Assignment:
A verbatim reproduction of the lines below, from the line containing "have mvU : mate" through the line containing "have pi_mate : matching_of pi = M.", both ends included, is the whole required output.

Provided material:
▬▬▬

(* Let $F$ be a field and let $G$ be a bipartite graph with bipartition $(X,Y)$, where $|X|=m$, $|Y|=n$ and $m\le n$. Suppose $\mathcal{R}_F(G)\neq\emptyset$, and let $H$ be the subgraph obtained from $G$ by deleting $k$ vertices of $X$. Then $$f(H\Box K_2)=m-k.$$
   Context: All graphs are finite and simple. For a graph $H$ with a perfect matching $M$, a subset $S\subseteq M$ is a forcing set of $M$ if $S$ is contained in no other perfect matching of $H$; $f(H,M)$ is the minimum size of a forcing set of $M$, and $f(H)$ is the minimum of $f(H,M)$ over all perfect matchings $M$ of $H$. For a bipartite graph $G$ with bipartition $(X,Y)$, a weighted bi-adjacency matrix of $G$ over $F$ is an $|X|\times|Y|$ matrix over $F$, rows indexed by $X$ and columns by $Y$, whose $(x,y)$ entry is nonzero iff $x$ and $y$ are adjacent. $\mathcal{R}_F(G)$ denotes the set of weighted bi-adjacency matrices $B$ of $G$ over $F$ for which there is another weighted bi-adjacency matrix $C$ of $G$ over $F$ (same row/column indexing) with $BC^{\top}=I_{|X|}$. $K_2$ is the complete graph on two vertices, and $G\Box H$ is the Cartesian product: vertex set $V(G)\times V(H)$, with $(g_1,h_1)\sim(g_2,h_2)$ iff either $g_1=g_2$ and $h_1h_2\in E(H)$, or $h_1=h_2$ and $g_1g_2\in E(G)$. *)

From mathcomp Require Import all_boot all_order all_algebra.
Set Implicit Arguments. Unset Strict Implicit. Unset Printing Implicit Defensive.
Import GRing.Theory.
Local Open Scope ring_scope.

(* A (simple) graph is given by an adjacency relation e : rel T on a finType T.
   An edge is represented as the 2-element vertex set {u, v} with e u v. *)
Section Matchings.
Variable T : finType.
Variable e : rel T.

Definition edge_set (M : {set {set T}}) : bool :=
  [forall E in M, [exists u, [exists v, e u v && (E == [set u; v])]]].

Definition perfect_matching (M : {set {set T}}) : bool :=
  edge_set M && [forall v, #|[set E in M | v \in E]| == 1%N].

Definition forcing_set (M S : {set {set T}}) : bool :=
  (S \subset M) &&
  [forall M' : {set {set T}}, (perfect_matching M' && (S \subset M')) ==> (M' == M)].

(* f(H, M): minimum size of a forcing set of M (M itself is always forcing) *)
Definition forcing_num (M : {set {set T}}) : nat :=
  \big[minn/#|M|]_(S : {set {set T}} | forcing_set M S) #|S|.

Definition min_forcing_num : nat :=
  \big[minn/#|T|]_(M : {set {set T}} | perfect_matching M) forcing_num M.
End Matchings.

Definition cart_prod (T1 T2 : finType) (e1 : rel T1) (e2 : rel T2) : rel (T1 * T2) :=
  fun p q => ((p.1 == q.1) && e2 p.2 q.2) || ((p.2 == q.2) && e1 p.1 q.1).

Definition K2 : rel bool := fun a b => a != b.

Definition induced (T : finType) (e : rel T) (A : {set T}) : rel {v : T | v \in A} :=
  fun u v => e (val u) (val v).

Definition bip_graph (m n : nat) (adj : 'I_m -> 'I_n -> bool) : rel ('I_m + 'I_n) :=
  fun u v => match u, v with
             | inl x, inr y => adj x y
             | inr y, inl x => adj x y
             | _, _ => false
             end.

Definition weighted_biadj (F : fieldType) (m n : nat) (adj : 'I_m -> 'I_n -> bool)
  (B : 'M[F]_(m, n)) : Prop :=
  forall i j, (B i j != 0) = adj i j.

Definition R_F (F : fieldType) (m n : nat) (adj : 'I_m -> 'I_n -> bool) : 'M[F]_(m, n) -> Prop :=
  fun B => weighted_biadj adj B /\
    exists C : 'M[F]_(m, n), weighted_biadj adj C /\ B *m C^T = 1%:M.

Definition delete_X (m n : nat) (adj : 'I_m -> 'I_n -> bool) (S : {set 'I_m}) :=
  @induced ('I_m + 'I_n)%type (bip_graph adj) (~: [set (inl x : 'I_m + 'I_n) | x in S]).
Arguments delete_X {m n} adj S.
Arguments induced {T} e A.

From mathcomp Require Import all_boot all_order all_algebra perm zify.
Set Implicit Arguments. Unset Strict Implicit. Unset Printing Implicit Defensive.
Import Order.TTheory GRing.Theory.

(* The vertices of H □ K2 split into the side (x, 0), (y, 1) and the side
   (x, 1), (y, 0), for x in X \ S and y in Y.  Upper bound: the perfect
   matching {(v, 0)(v, 1)} is forced by its m - k edges at the vertices of
   X \ S, because every (y, b) then has only (y, 1 - b) left as a partner.
   Lower bound: for a perfect matching M and a forcing set S', let U be the
   vertices of the first side whose M-edge is not in S', so that
   m + n - k <= |U| + |S'|.  Weight the edges by the block matrix
   W = [[B, I], [I, C^T]], where B C^T = I.  Forcing makes the U x M(U)
   submatrix of W nonsingular: a permutation with a nonzero diagonal in it
   would give a second perfect matching containing S'.  Since W = [B; I] [I, C^T]
   has rank at most n, |U| <= n and hence |S'| >= m - k. *)

Section Matchings.
Variables (T : finType) (e : rel T).

Definition mate (M : {set {set T}}) (v : T) : T := odflt v [pick u | [set v; u] \in M].

Definition matching_of (f : T -> T) : {set {set T}} := [set [set v; f v] | v : T].

Lemma perfect_matching_of f :
  involutive f -> (forall v, e v (f v)) -> perfect_matching e (matching_of f).
Proof.
move=> fK e_f; apply/andP; split.
  apply/forallP => E; apply/implyP => /imsetP [v _ ->].
  by apply/existsP; exists v; apply/existsP; exists (f v); rewrite e_f eqxx.
apply/forallP => v; apply/cards1P; exists [set v; f v].
apply/setP => E; rewrite !inE; apply/idP/idP.
  by case/andP => /imsetP [u _ ->] /set2P [] ->; rewrite ?fK 1?setUC.
by move/eqP ->; rewrite set21 andbT; apply: imset_f.
Qed.

Lemma min_forcing_num_le M S :
  perfect_matching e M -> forcing_set e M S -> (min_forcing_num e <= #|S|)%N.
Proof.
move=> pmM fS; apply: leq_trans (_ : forcing_num e M <= _)%N.
  by have := bigmin_le_cond #|T| (forcing_num e) pmM; rewrite minEnat leEnat.
by have := bigmin_le_cond #|M| (fun S0 : {set {set T}} => #|S0|) fS; rewrite minEnat leEnat.
Qed.

Hypotheses (e_sym : symmetric e) (e_irr : irreflexive e).

Section PerfectMatching.
Variable M : {set {set T}}.
Hypothesis pmM : perfect_matching e M.

Lemma matching_vertex_unique v E1 E2 :
  E1 \in M -> E2 \in M -> v \in E1 -> v \in E2 -> E1 = E2.
Proof.
case/andP: pmM => _ /forallP /(_ v) /cards1P [E defE] E1M E2M vE1 vE2.
have : E1 \in [set E in M | v \in E] by rewrite inE E1M vE1.
have : E2 \in [set E in M | v \in E] by rewrite inE E2M vE2.
by rewrite defE !inE => /eqP -> /eqP ->.
Qed.

Lemma matching_pair_edge u v : [set u; v] \in M -> e u v.
Proof.
case/andP: pmM => /forallP /(_ [set u; v]) /implyP h _ /h.
case/existsP => a /existsP [b /andP [eab /eqP Euv]].
have /set2P ua : u \in [set a; b] by rewrite -Euv set21.
have /set2P va : v \in [set a; b] by rewrite -Euv set22.
have /set2P bu : b \in [set u; v] by rewrite Euv set22.
have /set2P au : a \in [set u; v] by rewrite Euv set21.
have nab : a != b by apply: contraTneq eab => ->; rewrite e_irr.
case: ua va => ? [] ?; subst => //; last 2 first.
- by rewrite e_sym.
- by case: au => ab; rewrite ab eqxx in nab.
- by case: bu => ba; rewrite ba eqxx in nab.
Qed.

Lemma matching_coverP v : exists2 E, E \in M & v \in E.
Proof.
case/andP: pmM => _ /forallP /(_ v) /cards1P [E defE].
by have := set11 E; rewrite -defE inE => /andP [EM vE]; exists E.
Qed.

Lemma matching_pairP E : E \in M -> exists u v, E = [set u; v].
Proof.
case/andP: pmM => /forallP /(_ E) /implyP h _ /h.
by case/existsP => u /existsP [v /andP [_ /eqP ->]]; exists u, v.
Qed.

Lemma mate_in_matching v : [set v; mate M v] \in M.
Proof.
rewrite /mate; case: pickP => [u // | none] /=.
have [E EM vE] := matching_coverP v; have [a [b defE]] := matching_pairP EM.
move: vE EM; rewrite defE => /set2P [] <- EM; first by have := none b; rewrite EM.
by have := none a; rewrite setUC EM.
Qed.

Lemma mate_eq v u : [set v; u] \in M -> mate M v = u.
Proof.
move=> vuM; have := matching_vertex_unique vuM (mate_in_matching v) (set21 _ _) (set21 _ _).
move=> defE; have /set2P [uv|//] : u \in [set v; mate M v] by rewrite -defE set22.
by have := matching_pair_edge vuM; rewrite uv e_irr.
Qed.

Lemma mate_edge v : e v (mate M v).
Proof. exact: matching_pair_edge (mate_in_matching v). Qed.

Lemma mateK : involutive (mate M).
Proof. by move=> v; apply: mate_eq; rewrite setUC mate_in_matching. Qed.

Lemma matching_of_mate : matching_of (mate M) = M.
Proof.
apply/setP => E; apply/imsetP/idP => [[v _ ->] | EM]; first exact: mate_in_matching.
have [a [b defE]] := matching_pairP EM.
by exists a => //; rewrite defE (mate_eq (_ : [set a; b] \in M)) // -defE.
Qed.

End PerfectMatching.

Lemma mate_matching_of f :
  involutive f -> (forall v, e v (f v)) -> mate (matching_of f) =1 f.
Proof.
move=> fK e_f v; apply: (mate_eq (perfect_matching_of fK e_f)).
exact: imset_f.
Qed.

Lemma forcing_set_refl M : perfect_matching e M -> forcing_set e M M.
Proof.
move=> pmM; rewrite /forcing_set subxx; apply/forallP => M'.
apply/implyP => /andP [pmM' /subsetP sMM']; apply/eqP.
rewrite -(matching_of_mate pmM') -(matching_of_mate pmM); apply: eq_imset => v.
by rewrite (mate_eq pmM' (sMM' _ (mate_in_matching pmM v))).
Qed.

Lemma min_forcing_num_ge c :
  (c <= #|T|)%N ->
  (forall M S, perfect_matching e M -> forcing_set e M S -> c <= #|S|)%N ->
  (c <= min_forcing_num e)%N.
Proof.
move=> cT c_forcing.
have := @le_bigmin _ _ _ (index_enum _) (forcing_num e) _ _ (perfect_matching e) cT.
rewrite minEnat leEnat; apply=> M pmM.
have := @le_bigmin _ _ _ (index_enum _) (fun S : {set {set T}} => #|S|) #|M| _ _.
rewrite minEnat leEnat; apply; first exact: c_forcing pmM (forcing_set_refl pmM).
by move=> S; apply: c_forcing pmM.
Qed.

End Matchings.

Local Open Scope ring_scope.

Section ExtendPerm.
Variables (T : finType) (A : {set T}).

Definition extend_perm (s : 'S_#|A|) (v : T) : T :=
  if [pick i | enum_val i == v] is Some i then enum_val (s i) else v.

Lemma extend_perm_enum s i : extend_perm s (enum_val i) = enum_val (s i).
Proof.
rewrite /extend_perm; case: pickP => [j /eqP /enum_val_inj -> // | none].
by have := none i; rewrite eqxx.
Qed.

Lemma extend_perm_out s v : v \notin A -> extend_perm s v = v.
Proof.
move=> vA; rewrite /extend_perm; case: pickP => [i /eqP defv | //].
by rewrite -defv enum_valP in vA.
Qed.

Lemma extend_permK s : cancel (extend_perm s) (extend_perm s^-1).
Proof.
move=> v; have [vA | /[dup] vA /extend_perm_out -> ] := boolP (v \in A).
  by rewrite -(enum_rankK_in vA vA) !extend_perm_enum permK.
by rewrite extend_perm_out.
Qed.

End ExtendPerm.

Lemma det_neq0_unique_perm (R : idomainType) n (A : 'M[R]_n) :
  (forall i, A i i != 0) ->
  (forall s : 'S_n, (forall i, A i (s i) != 0) -> s = 1%g) -> \det A != 0.
Proof.
move=> diagA only1; rewrite /determinant (bigD1 (1%g : 'S_n)) //= [X in _ + X]big1 ?addr0.
  by rewrite odd_perm1 expr0 mul1r; apply/prodf_neq0 => i _; rewrite perm1.
move=> s /eqP s1; case: (pickP (fun i => A i (s i) == 0)) => [i /eqP Ai0 | nz].
  by rewrite (bigD1 i) //= Ai0 mul0r mulr0.
by case: s1; apply: only1 => i; rewrite nz.
Qed.

Section ForcingLowerBound.
Variables (F : fieldType) (T : finType) (e : rel T) (P : pred T).
Hypotheses (e_sym : symmetric e) (e_bip : forall u v, e u v -> P u != P v).

Lemma bipartite_irr : irreflexive e.
Proof. by move=> v; apply/negP => /e_bip; rewrite eqxx. Qed.

Variables (M S : {set {set T}}).
Hypotheses (pmM : perfect_matching e M) (fS : forcing_set e M S).

Let mateMK := mateK e_sym bipartite_irr pmM.
Let mateM_edge := mate_edge e_sym bipartite_irr pmM.

Lemma mate_side v : P (mate M v) = ~~ P v.
Proof. by have := e_bip (mateM_edge v); case: (P v); case: (P _). Qed.

Definition unforced := [set v | P v & [set v; mate M v] \notin S].

Lemma card_side_le : (#|[set v | P v]| <= #|unforced| + #|S|)%N.
Proof.
pose forced := [set v | P v & [set v; mate M v] \in S].
have forced_inj : {in forced &, injective (fun v => [set v; mate M v])}.
  move=> u v; rewrite !inE => /andP [Pu _] /andP [Pv _] Euv.
  have /set2P [// | umv] : u \in [set v; mate M v] by rewrite -Euv set21.
  by move: Pu; rewrite umv mate_side Pv.
apply: (@leq_trans #|unforced :|: forced|).
  by apply/subset_leq_card/subsetP => v; rewrite !inE; case: (P v); case: (_ \in S).
apply: leq_trans (leq_card_setU _ _) _; rewrite leq_add2l -(card_in_imset forced_inj).
apply/subset_leq_card/subsetP => _ /imsetP [v + ->]; by rewrite inE => /andP [_ ->].
Qed.

Lemma unforced_perm_trivial (s : 'S_#|unforced|) :
  (forall i, e (enum_val i) (mate M (enum_val (s i)))) -> s = 1%g.
Proof.
move=> e_s; case/andP: fS => /subsetP sSM /forallP forcing.
pose sigma := extend_perm s; pose pi v := extend_perm s^-1 (mate M (sigma v)).
have sigmaK : cancel (extend_perm s^-1) sigma.
  by rewrite /sigma -{2}(invgK s); apply: extend_permK.
have mate_unforced v : v \in unforced -> mate M v \notin unforced.
  by rewrite !inE mate_side => /andP [-> _].
have pi_enum i : pi (enum_val i) = mate M (enum_val (s i)).
  by rewrite /pi /sigma extend_perm_enum extend_perm_out // mate_unforced ?enum_valP.
have piK : involutive pi by move=> v; rewrite /pi sigmaK mateMK extend_permK.
have pi_edge v : e v (pi v).
  have [vU | vU] := boolP (v \in unforced).
    by rewrite -(enum_rankK_in vU vU) pi_enum.
  have [piU | piU] := boolP (pi v \in unforced).
    by have := e_s (enum_rank_in piU (pi v)); rewrite -pi_enum enum_rankK_in // piK e_sym.
  suff -> : pi v = mate M v by exact: mateM_edge.
  have pi_v := sigmaK (mate M (sigma v)).
  by rewrite -/(pi v) /sigma !extend_perm_out in pi_v.
have pi_forced v : [set v; mate M v] \in S -> pi v = mate M v.
  move=> vS; have vU : v \notin unforced by rewrite inE vS andbF.
  have mvU : mate M v \notin unforced by rewrite inE mateMK setUC vS andbF.
  by rewrite /pi /sigma !extend_perm_out.
have S_pi : S \subset matching_of pi.
  apply/subsetP => E ES; move: (sSM E ES) (ES).
  rewrite -(matching_of_mate e_sym bipartite_irr pmM) => /imsetP [v _ ->] /pi_forced <-.
  exact: imset_f.
have pi_mate : matching_of pi = M.
  by apply/eqP/(implyP (forcing _)); rewrite (perfect_matching_of piK pi_edge).
apply/permP => i; rewrite perm1; apply/enum_val_inj/(can_inj mateMK).
by rewrite -pi_enum -(mate_matching_of e_sym bipartite_irr piK pi_edge) pi_mate.
Qed.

▬▬▬

Finished exercise:
  have mvU : mate M v \notin unforced by rewrite inE mateMK setUC vS andbF.
  by rewrite /pi /sigma !extend_perm_out.
have S_pi : S \subset matching_of pi.
  apply/subsetP => E ES; move: (sSM E ES) (ES).
  rewrite -(matching_of_mate e_sym bipartite_irr pmM) => /imsetP [v _ ->] /pi_forced <-.
  exact: imset_f.
have pi_mate : matching_of pi = M.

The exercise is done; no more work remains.